> [YOUR GOAL] Of all the entries below, only the lines from the one with "rewrite -/(\sum_i a" up to and including the one with "(forall i, x" are to be duplicated exactly.
────────────────────────────────────────
Lemma euclid_distC (x y : pt) : dist x y = dist y x.
Proof.
by rewrite /euclid_dist; congr Num.sqrt; apply: eq_bigr => i _; rewrite -sqrrN opprB.
Qed.

Lemma euclid_distxx (x : pt) : dist x x = 0.
Proof. by rewrite /euclid_dist big1 ?sqrtr0 // => i _; rewrite subrr expr0n. Qed.

Lemma euclid_dist_eq0 (x y : pt) : dist x y = 0 -> x = y.
Proof.
rewrite /euclid_dist => /eqP; rewrite sqrtr_eq0 => le0.
have /eqP : \sum_(i < d) (x ord0 i - y ord0 i) ^+ 2 = 0.
  by apply/eqP; rewrite eq_le le0 /=; apply: sumr_ge0 => i _; exact: sqr_ge0.
rewrite psumr_eq0 => [/allP sq0|i _]; last exact: sqr_ge0.
apply/rowP => i; apply/eqP; rewrite -subr_eq0 -sqrf_eq0.
by apply: sq0; rewrite mem_index_enum.
Qed.

Lemma euclid_dist_gt0 (x y : pt) : x <> y -> 0 < dist x y.
Proof.
by move=> xy; rewrite lt_def euclid_dist_ge0 andbT; apply/eqP => /euclid_dist_eq0.
Qed.

Lemma euclid_dist_triangle (x y z : pt) : dist x z <= dist x y + dist y z.
Proof.
rewrite /euclid_dist.
set a := fun i => x ord0 i - y ord0 i; set b := fun i => y ord0 i - z ord0 i.
have -> : \sum_(i < d) (x ord0 i - z ord0 i) ^+ 2 = \sum_i (a i + b i) ^+ 2.
  by apply: eq_bigr => i _; rewrite /a /b addrA subrK.
rewrite -/(\sum_i a i ^+ 2) -/(\sum_i b i ^+ 2).
set A := \sum_i a i ^+ 2; set B := \sum_i b i ^+ 2; set S := \sum_i a i * b i.
have A0 : 0 <= A by apply: sumr_ge0 => i _; exact: sqr_ge0.
have B0 : 0 <= B by apply: sumr_ge0 => i _; exact: sqr_ge0.
have -> : \sum_i (a i + b i) ^+ 2 = A + 2 * S + B.
  rewrite (eq_bigr (fun i => a i ^+ 2 + 2 * (a i * b i) + b i ^+ 2)); last first.
    by move=> i _; rewrite sqrrD; ring.
  by rewrite !big_split /= -mulr_sumr.
have SAB : S <= Num.sqrt A * Num.sqrt B.
  have [S_le0|S_gt0] := lerP S 0.
    by apply: le_trans S_le0 _; apply: mulr_ge0; exact: sqrtr_ge0.
  rewrite -sqrtrM // -(ger0_norm (ltW S_gt0)) -sqrtr_sqr.
  by rewrite ler_sqrt ?cauchy_schwarz_sum // mulr_ge0.
have sum_ge0 : 0 <= Num.sqrt A + Num.sqrt B by rewrite addr_ge0 // sqrtr_ge0.
rewrite -(ger0_norm sum_ge0) -sqrtr_sqr ler_sqrt ?sqr_ge0 //.
by rewrite sqrrD !sqr_sqrtr //; lra.
Qed.

Lemma euclid_dist_scale (x y v w : pt) (c : R) :
  (forall i, x ord0 i - y ord0 i = c * (v ord0 i - w ord0 i)) ->
  dist x y = `|c| * dist v w.
Proof.
move=> xy; rewrite /euclid_dist.
rewrite (eq_bigr (fun i => c ^+ 2 * (v ord0 i - w ord0 i) ^+ 2)); last first.
  by move=> i _; rewrite xy exprMn.
by rewrite -mulr_sumr sqrtrM ?sqr_ge0 // sqrtr_sqr.
Qed.

Lemma continuous_euclid_dist (T : topologicalType) (z : pt) (h : T -> pt) :
  continuous h -> continuous (fun u => dist z (h u)).
Proof.
move=> hc; rewrite /euclid_dist => u.
apply: continuous_comp; last exact: sqrt_continuous.
apply: (@continuous_big R^o _ +%R 0 xpredT add_continuous) => i _ {}u.
apply: (continuous_comp (f := fun v => z ord0 i - h v ord0 i) (g := fun r => r ^+ 2));
  last exact: exprn_continuous.
apply: (continuousB (f := fun=> z ord0 i)); first exact: cvg_cst.
exact: (continuous_comp (hc u) (@coord_continuous _ _ _ ord0 i (h u))).
Qed.

Lemma continuous_euclid_distr (z : pt) : continuous (dist z).
Proof. exact: (@continuous_euclid_dist _ z id (fun=> cvg_id)). Qed.

End EuclidDist.

Arguments continuous_euclid_dist {R d T} z {h}.
Arguments continuous_euclid_distr {R d} z.

Section RealInterval.
Variable R : realType.
(* Let $r\ge 1$ be an integer. For every nonnegative integer $n$, the number of overpartitions of $n$ in which every non-overlined part is greater than $r$ and has the same parity as $r+1$ (overlined parts being unrestricted apart from being distinct) equals the number of partitions of $n$ whose mex sequence has length at least $r$.
   Context: A partition of $n$ is a finite non-increasing sequence of positive integers (parts) summing to $n$ (the empty partition is the unique partition of $0$). For a partition $\lambda$, $\mathrm{mex}(\lambda)$ is the least positive integer that is not a part of $\lambda$. The mex sequence of $\lambda$ is the longest sequence of consecutive integers $\mathrm{mex}(\lambda), \mathrm{mex}(\lambda)+1, \dots$ none of which is a part of $\lambda$; its length is a positive integer or infinite (e.g. $(4)$ has mex sequence $(1,2,3)$, $(9,4,4,3,1)$ has mex sequence $(2)$, and $(4,3,3,3,2,1,1)$ has infinite mex sequence $(5,6,7,\dots)$); an infinite length counts as at least $r$. An overpartition of $n$ is a partition of $n$ in which the first occurrence of each part size may be overlined; equivalently, a pair $(\lambda,\mu)$ with $\lambda$ a partition into distinct parts (the overlined parts), $\mu$ an arbitrary partition (the non-overlined parts), and $|\lambda|+|\mu|=n$. *)

From mathcomp Require Import all_boot.
Set Implicit Arguments. Unset Strict Implicit. Unset Printing Implicit Defensive.
Definition feasible (I : seq R) (f : 'I_(size I) -> nat) : Prop :=
  forall j : nat, \sum_(i < size I | f i == j) I`_i <= 1.

Definition nonempty_bins (I : seq R) (f : 'I_(size I) -> nat) : nat :=
  size (undup [seq f i | i <- enum 'I_(size I)]).

Definition achievable (I : seq R) (k : nat) : bool :=
  `[< exists f : 'I_(size I) -> nat, feasible f /\ nonempty_bins f = k >].

(* OPT(I) = minimum cost of a feasible packing (0 if none exists, which does
   not happen for valid instances). *)
Definition OPT (I : seq R) : nat :=
  match pselect (exists k, achievable I k) with
  | left h => ex_minn h
  | right _ => 0%N
  end.

(* state: (remaining items sorted non-increasingly, open bin contents,
           closed bins) *)
Definition mm_state := (seq R * seq R * seq (seq R))%type.

Definition load (b : seq R) : R := \sum_(x <- b) x.

Definition mm_step (st : mm_state) : mm_state :=
  let: (rem, opn, cls) := st in
  match rem with
  | [::] => st
  | hd :: rest =>
      if load opn + hd <= 1 then (rest, hd :: opn, cls)
      else if load opn + last hd rest <= 1
           then (belast hd rest, last hd rest :: opn, cls)
           else (rem, [::], opn :: cls)
  end.

(* Each step packs an item or closes a bin; a close is always followed by
   packing the head into the new empty bin, so 2n+1 steps suffice to empty
   the list of remaining items. *)
Definition mm_run (I : seq R) : mm_state :=
  iter (size I).*2.+1 mm_step (sort (fun x y => y <= x) I, [::], [::]).

Definition mm_bins (I : seq R) : seq (seq R) :=
  let: (_, opn, cls) := mm_run I in opn :: cls.

Definition MM (I : seq R) : nat := count (fun b => b != [::]) (mm_bins I).
Lemma card_common_fat_false (x u : V) : x != v0 -> u != v0 ->
  #|[set z in part false | ext_fat z && ext_adj (inl x) z && ext_adj (inl u) z]|
  = ((x == u) && adj v0 u : nat).
Proof.
move=> x_neq0 u_neq0; rewrite card_sum_set.
rewrite (_ : [set y | _] = set0); last by apply/setP => y; rewrite !inE andbF.
rewrite cards0 add0n.
have [<-|xu] := eqVneq x u.
  rewrite -(card_fat_at x); apply: eq_card => w.
  by rewrite !inE /= (negbTE x_neq0) andbb eq_sym.
apply/eqP; rewrite cards_eq0; apply/eqP/setP => w.
rewrite !inE /= (negbTE x_neq0) (negbTE u_neq0) /=.
by apply/andP => -[/eqP <- /eqP ux]; rewrite ux eqxx in xu.
Qed.

(* The column of u in B(part false) has absolute sum deg u - adj u v0 + adj v0 u. *)
Lemma part_false_lambda_min (R : rcfType) :
  lambda_min_ge ext_adj ext_fat (part false) (- ((maxdeg adj)%:R : R)).
Proof.
apply: lambda_min_ge_colsum => _ /slim_partP [u -> /negbT u_neq0].
rewrite sum_slim_part (eq_bigr (fun x => adj x u + ((x == u) && adj v0 u : nat)))%N;
  last by move=> x; rewrite eqbF_neg => x_neq0; rewrite card_common_fat_false.
rewrite big_split /= sum_nat_of_bool (bigD1 u) /=; last by rewrite eqbF_neg.
rewrite eqxx big1 => [|x /andP [_ /negbTE ->] //]; rewrite addn0.
apply: leq_trans (deg_le_maxdeg adj u).
rewrite [X in (_ <= X)%N](cardsD1 v0) inE adj_sym addnC leq_add2l.
apply: subset_leq_card; apply/subsetP => x.
by rewrite !inE eqbF_neg adj_sym => /andP [-> ->].
Qed.

End FatSplitAtVertex.

Arguments ext_adj {V} adj v0.
Arguments ext_fat {V} adj v0.
Arguments part {V} adj v0 b.
Lemma enhances_saturated H G Y : hypergraph H -> atomic H -> H \subset G ->
  conn_equiv H G -> saturated H Y -> Y \notin G -> enhances (G :|: [set Y]) G.
Proof.
move=> hH aH HG E [Yn0 YH cY] YnG; exists Y; split=> //; split=> //.
have GY : restrict G Y :\ Y = restrict G Y.
  by apply/setP=> e; rewrite !inE; case: eqP => // ->; rewrite (negbTE YnG).
split; first exact: subset_trans YH (carrierS HG).
rewrite GY; split; first exact/E.
apply/eqP; rewrite eqEsubset carrier_restrict_sub /=.
rewrite -{1}(carrier_restrict_subset aH YH); apply/carrierS/subsetP => e.
by rewrite !inE => /andP [/(subsetP HG) ->].
Qed.

Lemma cognate_saturation H : hypergraph H -> atomic H -> cognate H (saturation H).
Proof.
move=> hH aH.
suff grow n G : #|saturation H :\: G| < n -> H \subset G -> G \subset saturation H ->
    cognate H G -> cognate H (saturation H).
  apply: (grow _ H (ltnSn _) (subxx _)); last exact: rst_refl.
  by apply/subsetP => e eH; apply/saturationP/edge_saturated.
elim: n G => [//|n IH] G lt HG GS cHG.
have [/eqP|/set0Pn [Y /setDP [/saturationP satY YnG]]] := eqVneq (saturation H :\: G) set0.
  by rewrite setD_eq0 => SG; rewrite (_ : saturation H = G) //; apply/eqP; rewrite eqEsubset SG.
have enh := enhances_saturated hH aH HG (cognate_conn_equiv cHG hH) satY YnG.
apply: (IH (G :|: [set Y])).
- rewrite ltnS in lt; apply: leq_trans lt; apply/proper_card/properP; split.
    exact/setDS/subsetUl.
  by exists Y; rewrite in_setD ?in_setU ?in_set1 ?eqxx ?orbT // YnG; apply/saturationP.
- exact: subset_trans HG (subsetUl _ _).
- by rewrite subUset GS sub1set; apply/saturationP.
- by apply: rst_trans cHG _; apply: rst_sym; apply: rst_step.
Qed.

End Hypergraphs.

Unset Implicit Arguments.

Theorem proposition4p9 (T : finType) (H J : {set {set T}}) :
  hypergraph H -> hypergraph J -> atomic H -> atomic J ->
  carrier H = carrier J ->
  (cognate H J <-> (forall K, construction H K <-> construction J K)).
Proof.
move=> hH hJ aH aJ CHJ; split=> [cHJ K|eqK].
  have E := cognate_conn_equiv cHJ hH.
  split=> cK; first exact: construction_transfer cK hH hJ aH aJ CHJ E.
  exact: construction_transfer cK hJ hH aJ aH (esym CHJ) (conn_equiv_sym E).
apply: rst_trans (cognate_saturation hH aH) _.
rewrite (saturation_construction hH hJ aH aJ eqK).
exact/rst_sym/cognate_saturation.
Qed.
(* Let $(X,d,m)$ be $D$-Ahlfors regular, fix $o\in X$ and set $d(x)=1+d(o,x)$. For every $a\in(0,1]$ there exists $C_a\in(0,\infty)$ such that, for every $t\in(0,1/2]$ and every nonnegative $g\in L^1_{\mathrm{loc}}(X)$, there is a finite collection $\{x_j\}_j$ of points of $X$ such that: $t\,d(x_j)\le1$ for all $j$; $\sum_j\mathbf 1_{B(x_j,td(x_j))}(x)\le C_a$ for all $x\in X$; $\sum_j\mathbf 1_{B(x_j,atd(x_j))}(x)\ge1$ whenever $t\,d(x)\le1/2$; and $g(x_j)\le C_a\,m(B(x_j,td(x_j)))^{-1}\int_{B(x_j,td(x_j))}g\,dm$ for all $j$.
   Context: $(X,d,m)$ is $D$-Ahlfors regular ($D>0$) if there is $A\ge1$ with $A^{-1}r^D\le m(B(x,r))\le Ar^D$ for all $x\in X$, $r\ge0$, where $B(x,r)$ is the metric ball. *)

From HB Require Import structures.
From mathcomp Require Import all_boot all_order all_algebra.
From mathcomp Require Import all_classical all_reals all_analysis.
Set Implicit Arguments. Unset Strict Implicit. Unset Printing Implicit Defensive.
Import Order.TTheory GRing.Theory Num.Theory.
Local Open Scope classical_set_scope.
Local Open Scope ring_scope.

Definition mball {X : Type} {R : realType} (dist : X -> X -> R) (x : X) (r : R)
  : set X := [set y | dist x y < r].

Definition is_metric {X : Type} {R : realType} (dist : X -> X -> R) : Prop :=
  [/\ forall x y, 0 <= dist x y,
      forall x y, dist x y = 0 <-> x = y,
      forall x y, dist x y = dist y x &
      forall x y z, dist x z <= dist x y + dist y z].

Definition ahlfors_regular {d : measure_display} {X : measurableType d}
  {R : realType} (dist : X -> X -> R) (m : {measure set X -> \bar R}) (D : R)
  : Prop :=
  exists A : R, 1 <= A /\
    forall (x : X) (r : R), 0 <= r ->
      ((A^-1 * r `^ D)%:E <= m (mball dist x r))%E /\
      (m (mball dist x r) <= (A * r `^ D)%:E)%E.

Definition loc_integrable {d : measure_display} {X : measurableType d}
  {R : realType} (dist : X -> X -> R) (m : {measure set X -> \bar R})
  (g : X -> R) : Prop :=
  measurable_fun setT g /\
  forall x : X, exists2 r : R, 0 < r &
    m.-integrable (mball dist x r) (fun y => (g y)%:E).

From HB Require Import structures.
From mathcomp Require Import all_boot all_order all_algebra.
From mathcomp Require Import all_classical all_reals all_analysis.
From mathcomp Require Import ring lra measurable_realfun.
Set Implicit Arguments. Unset Strict Implicit. Unset Printing Implicit Defensive.
Import Order.TTheory GRing.Theory Num.Theory.
Local Open Scope classical_set_scope.
Local Open Scope ring_scope.

(* Put eps = a t / 8 and consider the region {t d <= 1/2}.
   - A family of points of the region that are pairwise eps d-separated has
     bounded size (volume packing in the ball B(o, 1/t)), so a maximal such
     family S exists; by maximality S is a 2 eps d-net of the region.
   - Each y in S is moved to a point f y of B(y, eps d(y)) where g is at most
     twice its mean over that small ball; Ahlfors regularity compares this
     ball with B(f y, t d(f y)), which contains it, giving the mean estimate.
   - The balls B(f y, a t d(f y)) cover the region because S is a net, and
     the balls B(f y, t d(f y)) overlap boundedly because the net points
     whose balls contain x are separated at the scale of x and crowd in a
     ball of radius 4 t d(x) around x (packing again). *)

Section MetricFacts.
Variables (R : realType) (X : Type) (dist : X -> X -> R).
Hypothesis hm : is_metric dist.

Lemma dist_ge0 x y : 0 <= dist x y. Proof. by case: hm. Qed.
Lemma dist_xx x : dist x x = 0. Proof. by case: hm => _ h _ _; apply/h. Qed.
Lemma dist_sym x y : dist x y = dist y x. Proof. by case: hm. Qed.
Lemma dist_tri x y z : dist x z <= dist x y + dist y z. Proof. by case: hm. Qed.

Lemma mball_disjoint x y r : 2 * r <= dist x y ->
  mball dist x r `&` mball dist y r = set0.
Proof.
move=> sep; rewrite -subset0 => w []; rewrite /mball /= => xw yw.
have := dist_tri x w y; rewrite (dist_sym w y) => tri.
have : dist x y < dist x y by lra.
by rewrite ltxx.
Qed.

Variable o : X.
Local Notation wt x := (1 + dist o x).

(* The weight d(x) = 1 + d(o,x) is 1-Lipschitz, hence comparable at nearby
   points: if x lies within c d(y) of y, with c <= 1/2, then d(x) and d(y)
   agree up to the factors 1 + c and 2. *)
Lemma weight_near x y c : 0 <= c -> c <= 2^-1 -> dist x y < c * wt y ->
  wt x <= (1 + c) * wt y /\ wt y <= 2 * wt x.
Proof.
move=> c0 c2 xy; have := dist_tri o y x; have := dist_tri o x y.
have := dist_ge0 o y; rewrite (dist_sym y x) mulrDl mul1r.
have : c * wt y <= 2^-1 * wt y by rewrite ler_wpM2r //; have := dist_ge0 o y; lra.
lra.
Qed.

End MetricFacts.

Section MaximalSeparated.
Variables (T : eqType) (P : T -> Prop) (far : T -> T -> Prop).

Definition separated (S : seq T) : Prop :=
  [/\ uniq S, {in S, forall y, P y} & {in S &, forall y y', y != y' -> far y y'}].

(* If separated families have bounded size, one of maximal size cannot be
   extended by any point of P. *)
Lemma maximal_separated_exists (N : nat) :
  (forall S, separated S -> (size S <= N)%N) ->
  exists2 S, separated S & forall z, P z -> ~ separated (z :: S).
Proof.
move=> bounded.
pose has_size n := `[< exists2 S, separated S & size S = n >].
have sep_nil : separated [::] by split => // y; rewrite in_nil.
have ex0 : exists n, has_size n by exists 0%N; apply/asboolP; exists [::].
have ub n : has_size n -> (n <= N)%N by move=> /asboolP [S /bounded + <-].
case: (ex_maxnP ex0 ub) => n /asboolP [S sepS <-] maxS.
exists S => // z _ sepzS.
have /maxS : has_size (size (z :: S)) by apply/asboolP; exists (z :: S).
by rewrite ltnn.
Qed.

End MaximalSeparated.

Section WeightedNets.
Variables (R : realType) (X : eqType) (dist : X -> X -> R) (o : X).
Hypothesis hm : is_metric dist.
Local Notation wt x := (1 + dist o x).

Definition inner_region (t : R) (y : X) : Prop := t * wt y <= 2^-1.

Definition weighted_far (c : R) (y y' : X) : Prop := c * wt y <= dist y y'.

Lemma maximal_net_covers (P : X -> Prop) (c : R) (S : seq X) :
  0 < c -> c <= 2^-1 -> separated P (weighted_far c) S ->
  (forall z, P z -> ~ separated P (weighted_far c) (z :: S)) ->
  forall z, P z -> exists2 y, y \in S & dist z y < 2 * c * wt y.
Proof.
move=> c0 c2 [uS PS farS] maxS z Pz; apply: contrapT => ncov.
have far_z y : y \in S -> 2 * c * wt y <= dist z y.
  by move=> yS; rewrite leNgt; apply/negP => zy; apply: ncov; exists y.
have wt_pos y : 0 < c * wt y by rewrite mulr_gt0 //; have := dist_ge0 hm o y; lra.
apply: (maxS z Pz); split.
- rewrite /= uS andbT; apply/negP => zS.
  by have := far_z z zS; rewrite dist_xx // -mulrA; have := wt_pos z; lra.
- by move=> y; rewrite in_cons => /predU1P [->|/PS].
- move=> y y'; rewrite /weighted_far !in_cons.
  move=> /predU1P[->|yS] /predU1P[->|y'S]; rewrite ?eqxx // => neq.
  + have := far_z y' y'S; have := dist_tri hm o y' z; rewrite (dist_sym hm y' z).
    have := dist_ge0 hm z y'; have := wt_pos y'; nra.
  + by have := far_z y yS; rewrite (dist_sym hm z y) -mulrA; have := wt_pos y; lra.
  + exact: farS.
Qed.

End WeightedNets.

Section TwiceAverage.
Variables (d : measure_display) (T : measurableType d) (R : realType)
  (mu : {measure set T -> \bar R}).

Lemma null_of_integral_eq0 (B : set T) (f : T -> R) : measurable B ->
  measurable_fun B f -> (forall x, B x -> 0 < f x) ->
  (\int[mu]_(x in B) (f x)%:E = 0)%E -> mu B = 0.
Proof.
move=> mB mf fpos int0.
have mfE : measurable_fun B (EFin \o f) by exact/measurable_EFinP.
have : (\int[mu]_(x in B) `|(f x)%:E| = 0)%E.
  rewrite -int0; apply: eq_integral => x; rewrite inE => Bx.
  by rewrite gee0_abs // lee_fin ltW // fpos.
case/(ae_eq_integral_abs mu mB mfE) => N [mN muN0 sN].
apply/eqP; rewrite eq_le measure_ge0 andbT -muN0.
apply: le_measure; rewrite ?inE // => x Bx; apply: sN => /= /(_ Bx) [fx0].
by have := fpos x Bx; rewrite fx0 ltxx.
Qed.

Lemma le_twice_average (B : set T) (f : T -> R) : measurable B ->
  measurable_fun B f -> (forall x, B x -> 0 <= f x) ->
  (0 < mu B)%E -> (mu B < +oo)%E ->
  exists2 x, B x &
    ((f x)%:E <= (2 / fine (mu B))%:E * \int[mu]_(y in B) (f y)%:E)%E.
Proof.
move=> mB mf f0 muB0 muBoo.
have [M muBM] : exists M, mu B = M%:E.
  by move: muB0 muBoo; case: (mu B) => [M| |] //; exists M.
rewrite muBM /=; move: muB0; rewrite muBM lte_fin => M0.
have c0 : 0 < 2 / M by rewrite divr_gt0.
have mfE : measurable_fun B (EFin \o f) by exact/measurable_EFinP.
have I0 : (0 <= \int[mu]_(y in B) (f y)%:E)%E.
  by apply: integral_ge0 => x Bx; rewrite lee_fin f0.
move: I0; case defI : (\int[mu]_(y in B) (f y)%:E)%E => [I| |] // I0; last first.
  have [x Bx] : B !=set0.
    by apply/set0P/negP => /eqP B0; move: M0; rewrite -lte_fin -muBM B0 measure0 ltxx.
  by exists x => //; rewrite gt0_muley ?leey ?lte_fin.
rewrite lee_fin in I0; apply: contrapT => small.
have big x : B x -> 2 / M * I < f x.
  by move=> Bx; rewrite ltNge -lee_fin EFinM; apply/negP => le; apply: small; exists x.
(* integrating the strict lower bound gives 2 I <= I, so I = 0 *)
have I_eq0 : I = 0.
  suff : ((2 * I)%:E <= I%:E)%E by rewrite lee_fin; lra.
  have -> : (2 * I)%:E = (\int[mu]_(x in B) (cst (2 / M * I)%:E) x)%E.
    by rewrite integral_cst // muBM -EFinM mulrAC divfK // gt_eqF.
  rewrite -defI; apply: ge0_le_integral => //.
  - by move=> x _; rewrite lee_fin mulr_ge0 // ltW.
  - by move=> x Bx; rewrite lee_fin ltW // big.
have fpos x : B x -> 0 < f x by move=> /big; rewrite I_eq0 mulr0.
have := null_of_integral_eq0 mB mf fpos; rewrite defI I_eq0 muBM => /(_ erefl).
by move=> [M_eq0]; move: M0; rewrite M_eq0 ltxx.
Qed.

End TwiceAverage.

Section AhlforsRegular.
Variables (R : realType) (d : measure_display) (X : measurableType d)
  (dist : X -> X -> R) (m : {measure set X -> \bar R}) (D A : R).
Hypotheses (hm : is_metric dist)
  (mball_meas : forall x r, measurable (mball dist x r)) (A1 : 1 <= A)
  (hA : forall x r, 0 <= r ->
     ((A^-1 * r `^ D)%:E <= m (mball dist x r))%E /\
     (m (mball dist x r) <= (A * r `^ D)%:E)%E).

Lemma A_gt0 : 0 < A. Proof. exact: lt_le_trans ltr01 A1. Qed.

Lemma ball_measure x r : 0 <= r -> exists M : R,
  [/\ m (mball dist x r) = M%:E, A^-1 * r `^ D <= M & M <= A * r `^ D].
Proof.
move=> r0; have [] := hA x r0.
by case: (m (mball dist x r)) => [M| |] // lb ub; exists M.
Qed.

Lemma disjoint_balls_measure (s : seq X) (r : R) : 0 < r -> uniq s ->
  {in s &, forall y y', y != y' -> 2 * r <= dist y y'} ->
  (((size s)%:R * (A^-1 * r `^ D))%:E <=
     m (\big[setU/set0]_(y <- s) mball dist y r))%E.
Proof.
move=> r0; elim: s => [|y s IH] /=; first by rewrite big_nil mul0r measure0.
case/andP => yNs us sep; rewrite big_cons.
have sep_s : {in s &, forall y y', y != y' -> 2 * r <= dist y y'}.
  by move=> z z' zs z's; apply: sep; rewrite in_cons ?zs ?z's orbT.
rewrite measureU //; last 2 first.
- exact: bigsetU_measurable.
- rewrite -bigcup_seq -subset0 => w [yw [z /= zs zw]].
  have yz : y != z by apply: contraNneq yNs => ->.
  have sep_yz : 2 * r <= dist y z by apply: sep; rewrite ?in_cons ?zs ?eqxx ?orbT.
  by move: (mball_disjoint hm sep_yz); rewrite -subset0 => /(_ w (conj yw zw)).
rewrite -addn1 natrD mulrDl mul1r EFinD addeC.
by apply: leeD; [case: (hA y (ltW r0))|exact: IH].
Qed.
────────────────────────────────────────
> [ANSWER TO THIS TASK]
rewrite -/(\sum_i a i ^+ 2) -/(\sum_i b i ^+ 2).
set A := \sum_i a i ^+ 2; set B := \sum_i b i ^+ 2; set S := \sum_i a i * b i.
have A0 : 0 <= A by apply: sumr_ge0 => i _; exact: sqr_ge0.
have B0 : 0 <= B by apply: sumr_ge0 => i _; exact: sqr_ge0.
have -> : \sum_i (a i + b i) ^+ 2 = A + 2 * S + B.
  rewrite (eq_bigr (fun i => a i ^+ 2 + 2 * (a i * b i) + b i ^+ 2)); last first.
    by move=> i _; rewrite sqrrD; ring.
  by rewrite !big_split /= -mulr_sumr.
have SAB : S <= Num.sqrt A * Num.sqrt B.
  have [S_le0|S_gt0] := lerP S 0.
    by apply: le_trans S_le0 _; apply: mulr_ge0; exact: sqrtr_ge0.
  rewrite -sqrtrM // -(ger0_norm (ltW S_gt0)) -sqrtr_sqr.
  by rewrite ler_sqrt ?cauchy_schwarz_sum // mulr_ge0.
have sum_ge0 : 0 <= Num.sqrt A + Num.sqrt B by rewrite addr_ge0 // sqrtr_ge0.
rewrite -(ger0_norm sum_ge0) -sqrtr_sqr ler_sqrt ?sqr_ge0 //.
by rewrite sqrrD !sqr_sqrtr //; lra.
Qed.

Lemma euclid_dist_scale (x y v w : pt) (c : R) :
  (forall i, x ord0 i - y ord0 i = c * (v ord0 i - w ord0 i)) ->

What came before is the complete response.